Acis trichophylla, commonly called the triangular-leaved snowflake, is a species of flowering plant in the family Amaryllidaceae, native to Portugal, Spain and Morocco. It has very narrow leaves. The flowers are produced in late winter or early spring and are usually white, but sometimes pink-tinged or all pink. The species is cultivated as an ornamental bulb, but requires protection from hard frost.

==Description==
Acis trichophylla is a bulbous perennial, growing up to 30 cm tall, although usually shorter. There are generally three very narrow leaves per bulb, appearing before the flowers, each leaf being up to 18 cm long but only at most 1 mm wide. Flowering is in late winter or early spring. The flowers are white, sometimes with pink tinges or occasionally all pink, and are arranged in groups of two to four on a stem (scape) that is about as long as or longer than the leaves. Each flower is borne on a long stalk (pedicel), up to 45 or 60 mm long, and has six tepals, 12–20 mm long, with sharp tips, that open widely to form a bell shape. The two spathes are shorter than the pedicels. The style is slightly longer than the stamens.

==Taxonomy==
The nomenclature of Acis trichophylla is somewhat complex.
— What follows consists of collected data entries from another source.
Lemma mul_IJ i j : I i -> J j -> exists j', J j' /\ i * j = q * j'.
Proof. by move=> Ii Jj; apply/IJ_qJ; exists 1%N, (fun=> i), (fun=> j); rewrite big_ord1. Qed.

Lemma unit_q : iota q \is a GRing.unit.
Proof.
apply: iota_unit => y qy0; have [_ [i0 [Ii0 nzd_i0]]] := trI.
have [_ [j0 [Jj0 nzd_j0]]] := trJ; have [j' [_ Ei0j0]] := mul_IJ Ii0 Jj0.
by apply: nzd_j0; apply: nzd_i0; rewrite mulrA Ei0j0 mulrAC qy0 mul0r.
Qed.

Definition qinv (Y : R -> Prop) : S -> Prop :=
  fun s => exists y, Y y /\ iota q * val s = iota y.

Lemma qinvJ_colon j : J j -> (iota q)^-1 * iota j \in colonb iota I.
Proof.
move=> Jj; apply/asboolP => i Ii; have [j' [Jj' Eij]] := mul_IJ Ii Jj.
exists j'; split; first exact: JI.
by rewrite -mulrA -rmorphM [j * i]mulrC Eij rmorphM mulKr ?unit_q.
Qed.

Lemma qinv_colon (Y : R -> Prop) j (Jj : J j) : Y j -> qinv Y (ColonRing (qinvJ_colon Jj)).
Proof. by move=> Yj; exists j; split; rewrite //= mulVKr ?unit_q. Qed.

Lemma colon_mul_stable (Y : R -> Prop) (s : S) :
  subP Y I -> colon_stable iota Y -> mul_sub iota (val s) Y Y.
Proof.
move=> YI Ystab; apply: Ystab => y /YI Iy.
by have [a [_ Ea]] := colonP_val s Iy; exists a.
Qed.

Lemma qinv_ideal (Y : R -> Prop) :
  is_ideal Y -> subP Y I -> colon_stable iota Y -> is_ideal (qinv Y).
Proof.
move=> [Y0 YD _] YI Ystab; split.
- by exists 0; split=> //; rewrite !rmorph0 mulr0.
- move=> x y [y1 [Yy1 E1]] [y2 [Yy2 E2]]; exists (y1 + y2); split; first exact: YD.
  by rewrite !rmorphD mulrDr E1 E2.
- move=> s x [y [Yy E]]; have [y' [Yy' E']] := colon_mul_stable s YI Ystab Yy.
  by exists y'; split=> //; rewrite rmorphM mulrCA E.
Qed.

Lemma qinvJ_ideal : is_ideal (qinv J).
Proof.
have [Jideal _ Jstab] := (reg_traceP iota_inj iota_unit J).1 trJ.
exact: qinv_ideal.
Qed.

Lemma qinvJ_proper : ~ qinv J 1.
Proof. by move=> [j [Jj]]; rewrite rmorph1 mulr1 => /iota_inj Eqj; apply: Jq; rewrite Eqj. Qed.

Lemma scaled_q_sub_I : subP (scaled q (fun _ => True)) I.
Proof.
move=> r [t [_ E]]; have [j [Ij Ej]] := colonP_val t Iq.
by rewrite (iota_inj (_ : iota r = iota j)) // E mulrC.
Qed.

Hypothesis I2_qI : ~ eqP_ (prod_ideal I I) (fun z => exists i, I i /\ z = q * i).

Lemma I_not_sub_scaled_q : ~ subP I (scaled q (fun _ => True)).
Proof.
move=> I_qS; apply: I2_qI => z; have [I0 ID IM] := ideal_is_ideal I; split.
- move=> [n [a [b [Ia Ib ->]]]]; elim/big_ind: _.
  + by exists 0; split; rewrite ?mulr0.
  + move=> _ _ [i1 [Ii1 ->]] [i2 [Ii2 ->]].
    by exists (i1 + i2); rewrite mulrDr; split=> //; apply: ID.
  + move=> k _; have [t [_ Et]] := I_qS _ (Ia k); have [j [Ij Ej]] := colonP_val t (Ib k).
    by exists j; split=> //; apply: iota_inj; rewrite !rmorphM Et -mulrA Ej.
- by move=> [i [Ii ->]]; exists 1%N, (fun=> q), (fun=> i); rewrite big_ord1.
Qed.

Hypothesis length_IJ : ~ ideal_chain J I 3.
The epithet trichophyllum was first published, in the combination Leucojum trichophyllum, by Peter Schousboe in 1800. The combination was used again as a supposedly new name by Félix Brotero in 1804, but as it had already been published in 1800, Leucojum trichophyllum Brot. is an illegitimate later homonym. In 1829, Robert Sweet suggested that Leucojum trichophyllum belonged in Acis, but did not explicitly use the combination Acis trichophylla nor make clear whose Leucojum name he meant. The combination Acis trichophylla was first used in 1830 by George Don, referring to Sweet (he actually used the masculine form trichophyllus).
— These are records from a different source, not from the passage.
(* The averaging step of Bollobas' inequality: summed over the pairs of a system, the
   right-hand sides regroup, point by point, into the weights of the systems obtained by
   deleting x (set_pair_system_delete). *)
Lemma card_mul_pair_weight_le (X A B : {set V}) :
  A :|: B \subset X -> [disjoint A & B] -> B != set0 ->
  #|X|%:R * pair_weight #|A| #|B| <= \sum_(x in X | x \notin A) pair_weight #|A| #|B :\ x|.
Proof.
rewrite subUset => /andP[sAX sBX] dAB B_neq0.
rewrite (eq_bigl [in X :\: A]) => [|x]; last by rewrite in_setD andbC.
have sBXA : B \subset X :\: A by rewrite subsetD sBX disjoint_sym.
rewrite (big_setID B) (setIidPr sBXA) /=.
rewrite (eq_bigr (fun=> pair_weight #|A| #|B|.-1)) => [|x xB]; last first.
  by rewrite (cardsD1 x B) xB.
rewrite [X in _ + X](eq_bigr (fun=> pair_weight #|A| #|B|)) => [|x]; last first.
  by rewrite !inE => /andP[xB _]; rewrite (cardsD1 x B) (negbTE xB).
rewrite !sumr_const -[_ *+ #|B|]mulr_natl -[_ *+ #|_ :\: B|]mulr_natl.
rewrite pair_weight_recr ?card_gt0 // -mulrDl -natrD.
rewrite ler_wpM2r ?pair_weight_ge0 // ler_nat -(cardsID A X) (setIidPr sAX).
by rewrite -(cardsID B (X :\: A)) (setIidPr sBXA) addnA.
Qed.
Although William Herbert in 1837 also placed the species in Acis, most later botanists used the genus Leucojum, treating it as L. trichophyllum Schousb. In 2004, it was restored to Acis, along with other species of Leucojum, on the basis of a molecular phylogenetic study.

A number of infraspecies have been described, none of which are recognized by the World Checklist of Selected Plant Families as of December 2017. Forms with pinkish flowers have been called f. broteri and f. purpurascens, those with larger flowers var. grandiflorum.
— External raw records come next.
(* Let $n\ge2$ and $i,j\in\{0,\dots,n-1\}$. If $w\in W(\mathrm{C}_n)$ satisfies $w\beta_i=\beta_j$, then $we_iw^{-1}=e_j$ in $\mathrm{Br}(\mathrm{C}_n)$.
   Context: Let $R$ be a commutative ring with an invertible element $\delta$, and $n\ge1$. The Brauer algebra of type $\mathrm{C}_n$, $\mathrm{Br}(\mathrm{C}_n,R,\delta)$, is the unital associative $R$-algebra generated by $r_0,\dots,r_{n-1},e_0,\dots,e_{n-1}$ subject to the following relations, where for distinct $i,j\in\{0,\dots,n-1\}$ we write $i\sim j$ if $|i-j|=1$ and $i\nsim j$ otherwise: $r_i^2=1$ and $r_ie_i=e_ir_i=e_i$ for all $i$; $e_i^2=\delta^2e_i$ for $i>0$; $e_0^2=\delta e_0$; $r_ir_j=r_jr_i$, $e_ir_j=r_je_i$, $e_ie_j=e_je_i$ for $i\nsim j$; $r_ir_jr_i=r_jr_ir_j$, $r_jr_ie_j=e_ie_j$, $r_ie_jr_i=r_je_ir_j$ for $i\sim j$ with $i,j>0$; and $r_1r_0r_1r_0=r_0r_1r_0r_1$, $r_1r_0e_1=r_0e_1$, $r_1e_0r_1e_0=e_0e_1e_0$, $r_1r_0r_1e_0=e_0r_1r_0r_1$, $e_1r_0e_1=\delta e_1$, $e_1e_0e_1=\delta e_1$, $e_1r_0r_1=e_1r_0$, $e_1e_0r_1=e_1e_0$. Write $\mathrm{Br}(\mathrm{C}_n)=\mathrm{Br}(\mathrm{C}_n,\mathbb{Z}[\delta^{\pm1}],\delta)$. $W(\mathrm{C}_n)$ is the subgroup of the multiplicative monoid of $\mathrm{Br}(\mathrm{C}_n)$ generated by $r_0,\dots,r_{n-1}$; it is isomorphic to the Weyl group of type $\mathrm{C}_n$ via $r_i\mapsto s_{\beta_i}$, where, with $f_1,\dots,f_n$ the standard basis of $\mathbb{R}^n$, $\beta_0=2f_1$ (long simple root) and $\beta_i=f_{i+1}-f_i$ for $1\le i\le n-1$ (short simple roots), and $s_\beta(x)=x-\frac{2(x,\beta)}{(\beta,\beta)}\beta$. Through this isomorphism $W(\mathrm{C}_n)$ acts on $\mathbb{R}^n$. *)

From HB Require Import structures.
From mathcomp Require Import all_boot all_order all_algebra.
Set Implicit Arguments. Unset Strict Implicit. Unset Printing Implicit Defensive.
Import Order.TTheory GRing.Theory Num.Theory.
Local Open Scope ring_scope.

(* Indices 0..n-1 are natural numbers i < n.  Generators r_i, e_i of
   Br(C_n) are given as functions nat -> A (only values at i < n matter). *)

Definition adj (i j : nat) : bool := (i == j.+1) || (j == i.+1).

Record BrC_rels (A : pzRingType) (n : nat) (d : A) (r e : nat -> A) : Prop := {
  d_unit : exists d' : A, d * d' = 1 /\ d' * d = 1;
  d_central : forall x : A, d * x = x * d;
  rel_rr : forall i, (i < n)%N -> r i * r i = 1;
  rel_re : forall i, (i < n)%N -> r i * e i = e i;
  rel_er : forall i, (i < n)%N -> e i * r i = e i;
  rel_ee : forall i, (0 < i < n)%N -> e i * e i = d ^+ 2 * e i;
  rel_ee0 : e 0%N * e 0%N = d * e 0%N;
  rel_comm_rr : forall i j, (i < n)%N -> (j < n)%N -> i != j -> ~~ adj i j ->
     r i * r j = r j * r i;
  rel_comm_er : forall i j, (i < n)%N -> (j < n)%N -> i != j -> ~~ adj i j ->
     e i * r j = r j * e i;
  rel_comm_ee : forall i j, (i < n)%N -> (j < n)%N -> i != j -> ~~ adj i j ->
     e i * e j = e j * e i;
  rel_braid : forall i j, (0 < i < n)%N -> (0 < j < n)%N -> adj i j ->
     r i * r j * r i = r j * r i * r j;
  rel_rre : forall i j, (0 < i < n)%N -> (0 < j < n)%N -> adj i j ->
     r j * r i * e j = e i * e j;
  rel_rer : forall i j, (0 < i < n)%N -> (0 < j < n)%N -> adj i j ->
     r i * e j * r i = r j * e i * r j;
  rel_C1 : r 1%N * r 0%N * r 1%N * r 0%N = r 0%N * r 1%N * r 0%N * r 1%N;
  rel_C2 : r 1%N * r 0%N * e 1%N = r 0%N * e 1%N;
  rel_C3 : r 1%N * e 0%N * r 1%N * e 0%N = e 0%N * e 1%N * e 0%N;
  rel_C4 : r 1%N * r 0%N * r 1%N * e 0%N = e 0%N * r 1%N * r 0%N * r 1%N;
  rel_C5 : e 1%N * r 0%N * e 1%N = d * e 1%N;
  rel_C6 : e 1%N * e 0%N * e 1%N = d * e 1%N;
  rel_C7 : e 1%N * r 0%N * r 1%N = e 1%N * r 0%N;
  rel_C8 : e 1%N * e 0%N * r 1%N = e 1%N * e 0%N
}.

Definition rword (A : pzRingType) (r : nat -> A) (w : seq nat) : A :=
  \prod_(a <- w) r a.

(* Root system of type C_n in R^n (we use rational coordinates, which suffice:
   all roots and reflections are rational).  Coordinate k (0-based) is f_{k+1}. *)
Definition dotv (n : nat) (x y : 'rV[rat]_n) : rat := \sum_(k < n) x 0 k * y 0 k.

Definition beta (n : nat) (i : nat) : 'rV[rat]_n :=
  \row_(k < n) (if i == 0%N then (if (k : nat) == 0%N then 2 else 0)
                else ((k : nat) == i)%:R - ((k : nat) == i.-1)%:R).

Definition refl (n : nat) (b x : 'rV[rat]_n) : 'rV[rat]_n :=
  x - (2 * dotv x b / dotv b b) *: b.

Definition wact (n : nat) (w : seq nat) (x : 'rV[rat]_n) : 'rV[rat]_n :=
  foldr (fun a y => refl (beta n a) y) x w.

From HB Require Import structures.
From mathcomp Require Import all_boot all_order all_algebra.
From mathcomp Require Import zify ring lra.
Import GRing.Theory.
Set Implicit Arguments. Unset Strict Implicit.
Local Open Scope ring_scope.

(* Up to sign, the roots of C_n are 2 f_k, f_b - f_a and f_a + f_b, and W(C_n)
   permutes these lines; on their labels the simple reflection s_c acts by
   [croot_refl c].  To each label x we attach an element [e_root x] of the
   algebra, equal to e_j on the line of beta_j and obtained from e_0 or e_b by
   conjugating with explicit words in the r_c.  The heart of the proof is the
   identity r_c e_x r_c = e_(s_c x), checked case by case from the defining
   relations.  Iterating along w gives w e_i w^-1 = e_(w beta_i); as w beta_i is
   +-beta_j and only the label of beta_j has a vector proportional to beta_j,
   this is e_j. *)

Definition transp_pred (c k : nat) : nat :=
  if k == c then c.-1 else if k == c.-1 then c else k.

Lemma transp_predK c : involutive (transp_pred c).
Proof.
move=> k; rewrite /transp_pred.
case: (k =P c) => [->|kc]; [|case: (k =P c.-1) => [->|kc']] => /=;
  repeat (case: eqP => ? /=); lia.
Qed.

Lemma eq_transp_pred c m k : (transp_pred c m == k) = (m == transp_pred c k).
Proof. by rewrite -{1}(transp_predK c k) (can_eq (transp_predK c)). Qed.

Lemma transp_pred_self c : transp_pred c c = c.-1.
Proof. by rewrite /transp_pred eqxx. Qed.

Lemma transp_pred_pred c : transp_pred c c.-1 = c.
Proof. by rewrite /transp_pred eqxx; case: (c.-1 =P c). Qed.

Lemma transp_pred_id c k : k != c -> k != c.-1 -> transp_pred c k = k.
Proof. by move=> /negbTE kc /negbTE kc'; rewrite /transp_pred kc kc'. Qed.

(* A root of C_n up to sign, in 0-based coordinates: [Long k] is 2 f_(k+1) and,
   for a < b, [Diff a b] is f_(b+1) - f_(a+1) and [Sum a b] is f_(a+1) + f_(b+1). *)
Inductive croot := Long of nat | Diff of nat & nat | Sum of nat & nat.

Definition croot_in (n : nat) (x : croot) : bool :=
  match x with
  | Long k => (k < n)%N
  | Diff a b | Sum a b => (a < b < n)%N
  end.

Definition croot_refl (c : nat) (x : croot) : croot :=
  if c == 0%N then
    match x with
    | Long k => Long k
    | Diff a b => if a == 0%N then Sum a b else Diff a b
    | Sum a b => if a == 0%N then Diff a b else Sum a b
    end
  else
    match x with
    | Long k => Long (transp_pred c k)
    | Diff a b => if (a == c.-1) && (b == c) then Diff a b
                  else Diff (transp_pred c a) (transp_pred c b)
    | Sum a b => if (a == c.-1) && (b == c) then Sum a b
                 else Sum (transp_pred c a) (transp_pred c b)
    end.

Lemma croot_in_refl n c x : (c < n)%N -> croot_in n x -> croot_in n (croot_refl c x).
Proof.
move=> hc; rewrite /croot_refl /transp_pred; case: x => [k|a b|a b] /= hx;
  repeat (case: eqP => ? /=); lia.
Qed.

Lemma croot_in_refl_word n w x : all (fun a => a < n)%N w -> croot_in n x ->
  croot_in n (foldr croot_refl x w).
Proof.
elim: w => [|c w IH] //= /andP[hc hw] hx.
by apply: croot_in_refl => //; apply: IH.
Qed.

Definition simple_croot (j : nat) : croot := if j == 0%N then Long 0 else Diff j.-1 j.

Lemma croot_in_simple n j : (j < n)%N -> croot_in n (simple_croot j).
Proof. by rewrite /simple_croot; case: eqP => /= ?; lia. Qed.

Section ConjugationByGenerators.
Variables (A : pzRingType) (n : nat) (d : A) (r e : nat -> A).
Hypothesis H : BrC_rels n d r e.
Hypothesis n_ge2 : (2 <= n)%N.

Lemma r_invol c : (c < n)%N -> r c * r c = 1.
Proof. by move=> hc; apply: (rel_rr H). Qed.

Lemma r_far_comm c c' : (c < n)%N -> (c' < n)%N -> ((c'.+2 <= c) || (c.+2 <= c'))%N ->
  r c * r c' = r c' * r c.
Proof.
move=> hc hc' far; apply: (rel_comm_rr H) => //; first by apply/eqP; lia.
by rewrite /adj; apply/negP; lia.
Qed.

Lemma re_far_comm c c' : (c < n)%N -> (c' < n)%N -> ((c'.+2 <= c) || (c.+2 <= c'))%N ->
  r c * e c' = e c' * r c.
Proof.
move=> hc hc' far; symmetry; apply: (rel_comm_er H) => //; first by apply/eqP; lia.
by rewrite /adj; apply/negP; lia.
Qed.

Lemma r_braid c : (0 < c)%N -> (c.+1 < n)%N -> r c * r c.+1 * r c = r c.+1 * r c * r c.+1.
Proof.
move=> c_gt0 hc; apply: (rel_braid H); try (apply/andP; split; lia).
by rewrite /adj eqxx orbT.
Qed.

Lemma conj_r_fixed c x : (c < n)%N -> r c * x = x * r c -> r c * x * r c = x.
Proof. by move=> hc ->; rewrite -mulrA r_invol // mulr1. Qed.

Lemma conj_r_sym c x y : (c < n)%N -> r c * x * r c = y -> r c * y * r c = x.
Proof. by move=> hc <-; rewrite !mulrA r_invol // mul1r -mulrA r_invol // mulr1. Qed.

Lemma conj_rM3 c x y z : (c < n)%N ->
  r c * (x * y * z) * r c = (r c * x * r c) * (r c * y * r c) * (r c * z * r c).
Proof.
move=> hc; rewrite !mulrA -(mulrA _ (r c) (r c)) r_invol // mulr1.
by rewrite -(mulrA _ (r c) (r c)) r_invol // mulr1.
Qed.

Fixpoint rdown k := if k is k'.+1 then r k'.+1 * rdown k' else 1.
Fixpoint rup k := if k is k'.+1 then rup k' * r k'.+1 else 1.

(* Moves an element attached to the coordinate f_1 (such as e_0 for 2 f_1) to f_(k+1). *)
Definition transport (X : A) k := rdown k * X * rup k.

Lemma transport_succ X k : transport X k.+1 = r k.+1 * transport X k * r k.+1.
Proof. by rewrite /transport /= !mulrA. Qed.

Lemma r_rdown_comm c k : (c < n)%N -> (k.+2 <= c)%N -> r c * rdown k = rdown k * r c.
Proof.
move=> hc; elim: k => [|k IH] hk /=; first by rewrite mul1r mulr1.
by rewrite mulrA r_far_comm; try lia; rewrite -mulrA IH ?mulrA //; lia.
Qed.

Lemma rup_r_comm c k : (c < n)%N -> (k.+2 <= c)%N -> rup k * r c = r c * rup k.
Proof.
move=> hc; elim: k => [|k IH] hk /=; first by rewrite mul1r mulr1.
by rewrite -mulrA -r_far_comm; try lia; rewrite mulrA IH ?mulrA //; lia.
Qed.

Lemma r_rdown_shift c k : (0 < c < k)%N -> (k < n)%N -> r c * rdown k = rdown k * r c.+1.
Proof.
move=> /andP[c_gt0]; elim: k => [|k IH] // ck hk /=.
case: (ltngtP c k) => hck; [|lia|].
  by rewrite mulrA r_far_comm; try lia; rewrite -mulrA IH ?mulrA //; lia.
subst c; case: k c_gt0 ck hk IH => [|k] // _ _ hk _ /=.
rewrite !mulrA r_braid //; try lia.
by rewrite -!mulrA; congr (_ * (_ * _)); rewrite r_rdown_comm //; lia.
Qed.

Lemma rup_r_shift c k : (0 < c < k)%N -> (k < n)%N -> rup k * r c = r c.+1 * rup k.
Proof.
move=> /andP[c_gt0]; elim: k => [|k IH] // ck hk /=.
case: (ltngtP c k) => hck; [|lia|].
  by rewrite -mulrA -r_far_comm; try lia; rewrite mulrA IH -?mulrA //; lia.
subst c; case: k c_gt0 ck hk IH => [|k] // _ _ hk _ /=.
rewrite -!mulrA (mulrA (r k.+1)) r_braid; try lia.
by rewrite !mulrA rup_r_comm //; lia.
Qed.

Section Transport.
Variable X : A.
Hypothesis X_comm : forall c, (2 <= c < n)%N -> r c * X = X * r c.

Lemma conj_r_transport c k : (0 < c < n)%N -> (k < n)%N ->
  r c * transport X k * r c = transport X (transp_pred c k).
Proof.
move=> /andP[c_gt0 hc] hk; rewrite /transp_pred.
case: eqP => [->|/eqP kc].
  case: c c_gt0 hc => // c _ hc /=; rewrite transport_succ.
  by rewrite !mulrA r_invol // mul1r -mulrA r_invol // mulr1.
case: eqP => [->|/eqP kc'].
  by case: c c_gt0 hc kc => // c _ hc _ /=; rewrite transport_succ.
rewrite /transport; case: (ltnP k c) => hkc.
  apply: conj_r_fixed => //; rewrite !mulrA r_rdown_comm //; try lia.
  rewrite -(mulrA (rdown k)) X_comm; last lia.
  by rewrite -!mulrA rup_r_comm //; lia.
rewrite !mulrA r_rdown_shift //; try lia.
rewrite -(mulrA (rdown k)) X_comm; last lia.
rewrite -!mulrA rup_r_shift //; try lia.
by rewrite (mulrA (r c.+1)) r_invol ?mul1r ?mulrA //; lia.
Qed.

Hypothesis r0_conj_X : r 0 * X * r 0 = X.
Hypothesis r0_conj_r1X : r 0 * (r 1 * X * r 1) * r 0 = r 1 * X * r 1.

Lemma conj_r0_transport k : (k < n)%N -> r 0 * transport X k * r 0 = transport X k.
Proof.
elim: k => [|k IH] hk; first by rewrite /transport /= mul1r mulr1.
case: k IH hk => [|k] IH hk; first by rewrite transport_succ /transport /= !mul1r !mulr1.
rewrite (transport_succ X k.+1); move: IH; set T := transport X k.+1 => IH; clearbody T.
have r0_rk_comm : r 0 * r k.+2 = r k.+2 * r 0 by apply: r_far_comm; lia.
rewrite !mulrA r0_rk_comm -!mulrA -r0_rk_comm; congr (_ * _).
by rewrite !mulrA IH //; lia.
Qed.

End Transport.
==Distribution and habitat==
Acis trichophylla is found in central and southern Portugal, south central and south-western Spain and across the Mediterranean in Morocco. It is found in dry sandy ground.

==Cultivation==
Acis trichophylla is cultivated as an ornamental bulb. It requires protection from frost, and warm dry conditions for a long time in summer, hence growing in an alpine house or bulb frame is recommended. Unless planted deeply, around 15 cm, it tends to divide into small non-flowering bulbs.